Ехали вниз по склону к Москве-реке.
Вдруг кутерьма. Приставы человека лежащего пинают. Царь велел остановить карету. Дверцу открыл.
— Что за расправа?
Приставы, увидавши перед собой царя, шапки скинули, упали, поклонились.
— Отвечайте же! — рассердился Алексей Михайлович.
— Пьяный! Разлёгся! Мы его шевелим — не встаёт.
— А вы почему без телеги? Коли не помнит себя, отвезите в приют Фёдора Михайловича Ртищева... Да жив ли он?
— Жив, — сказал пристав постарше, помордатей.
— Как зовут вас?
— Фрол да Парамон.
За побои безответного человека с каждого — по полтине...
— Великий государь! — расхрабрился мордатый. — Да их за день-то — сколько?! И за всякого — полтину?!
— Не за всякого, а за битого... Сердцелюбия в вас нет. Исполняйте дело по-божески, получите прибавку. И на рубль, и на два... Артамон Сергеевич, пригляди за Фролом да Парамоном.
Приставы увидели в каретке Матвеева, ещё раз поклонились.

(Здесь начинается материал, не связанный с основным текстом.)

(* Let $m,n\ge 1$ and let $k>0$ and $l$ be fixed integers. Let $P,Q$ be constant $n\times n$ complex matrices, let $\mathfrak{R}(P)$ be a finite set of distinct invertible constant $n\times n$ matrices $\Lambda$ with $-(\Lambda^{k}+\Lambda^{k-l})=P$, and let $\mathfrak{R}(Q)$ be a finite set of distinct invertible constant $n\times n$ matrices $\tilde\Lambda$ with $-(\tilde\Lambda^{k}+\tilde\Lambda^{k-l})=Q$. For each $\Lambda\in\mathfrak{R}(P)$ let $A_\Lambda$ be a constant $m\times n$ matrix, for each $\tilde\Lambda\in\mathfrak{R}(Q)$ let $B_{\tilde\Lambda}$ be a constant $n\times m$ matrix, and for each pair let $X_{\tilde\Lambda,\Lambda}$ be a constant $n\times n$ matrix satisfying $\tilde\Lambda^{-l}X_{\tilde\Lambda,\Lambda}\Lambda^{l}-X_{\tilde\Lambda,\Lambda}=B_{\tilde\Lambda}A_\Lambda$. Let $\tilde\omega=\tilde\omega(t)$ be a differentiable $n\times n$ matrix function of $t$ only with $Q\,\tilde\omega=\tilde\omega\,P$, and set $\gamma_2=-\tilde\omega_t$. Define $$\theta=\sum_{\Lambda\in\mathfrak{R}(P)}A_\Lambda e^{\Lambda^l t}\Lambda^j,\qquad \eta=\sum_{\tilde\Lambda\in\mathfrak{R}(Q)}e^{-\tilde\Lambda^l t}\tilde\Lambda^{-j}B_{\tilde\Lambda},$$ $$\tilde\Omega=\sum_{\Lambda\in\mathfrak{R}(P),\,\tilde\Lambda\in\mathfrak{R}(Q)}e^{-\tilde\Lambda^l t}\tilde\Lambda^{-j}X_{\tilde\Lambda,\Lambda}e^{\Lambda^l t}\Lambda^j+\tilde\omega,$$ and assume $\tilde\Omega$ is invertible. Let $\varphi_0$ be a constant $m\times m$ matrix. Then $$\varphi=\varphi_0+\theta\,\tilde\Omega^{-1}\eta_{(-l)},\qquad \hat q=-\theta\,\tilde\Omega^{-1}\gamma_2,\qquad \tilde r=-\tilde\Omega_{(l)}^{-1}\eta$$ solve the system $$(\varphi_{(k)}-\varphi)_t+(\varphi_{(k)}-\varphi+I)(\varphi_{(l)}-\varphi)_{(k-l)}-(\varphi_{(l)}-\varphi)(\varphi_{(k)}-\varphi+I)=(\hat q\,\tilde r_{(-l)})_{(k)}-\hat q\,\tilde r_{(-l)},$$ $$\hat q_{(k)}=-(\varphi_{(k)}-\varphi+I)\,\hat q_{(k-l)}-\hat q\,P,\qquad \tilde r_{(-l)}=-\tilde r\,(\varphi_{(k)}-\varphi+I)-P\,\tilde r_{(k-l)}.$$ Consequently $W=\varphi_{(1)}-\varphi+\frac1k I$ together with $\hat q,\tilde r$ solves $$\Big(\sum_{i=0}^{k-1}W_{(i)}\Big)_t+\sum_{i=0}^{k-1}W_{(i)}\sum_{i=k-l}^{k-1}W_{(i)}-\sum_{i=0}^{l-1}W_{(i)}\sum_{i=0}^{k-1}W_{(i)}=(\hat q\,\tilde r_{(-l)})_{(k)}-\hat q\,\tilde r_{(-l)},$$ $$\hat q_{(k)}=-\sum_{i=0}^{k-1}W_{(i)}\,\hat q_{(k-l)}-\hat q\,P,\qquad \tilde r_{(-l)}=-\tilde r\sum_{i=0}^{k-1}W_{(i)}-P\,\tilde r_{(k-l)}.$$
   Context: All dependent variables are matrix-valued functions of a continuous variable $t$ and a discrete variable $j\in\mathbb{Z}$; subscript $t$ denotes the derivative with respect to $t$, and for an integer $s$, $f_{(s)}(t,j)=f(t,j+s)$ denotes the shifted function. $I$ denotes the identity matrix. *)

From HB Require Import structures.
From mathcomp Require Import all_boot all_order all_algebra.
From mathcomp Require Import complex.
From mathcomp Require Import all_classical all_reals.
From mathcomp Require Import topology normedtype sequences derive.
Set Implicit Arguments.
Unset Strict Implicit.
Unset Printing Implicit Defensive.
Import Order.TTheory GRing.Theory Num.Theory.
Import numFieldNormedType.Exports.
Local Open Scope ring_scope.
Local Open Scope complex_scope.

— Домой! — приказал царь, и карета повернула к Боровицким воротам. — Теперь только и сообразишь, сколь доброе сердце было у Фёдора-то Михайловича. Небось не пинали людей, пока был жив... В Коломенское хочу!
3
И всё лето 1673 года Матвеев ездил на доклады в Коломенское.
В один из таких приездов Артамон Сергеевич передал царю подарок для Петра Алексеевича: игрушечную избу. Сложена из брёвнышек. Крыша соломенная, труба из крошечных кирпичей. За одну верёвочку дёрнешь — дверь отворяется, на крыльцо выезжают на доске кот и баран, за другую дёрнешь — ставни — хлоп! — а в окошке петух с золотым гребешком.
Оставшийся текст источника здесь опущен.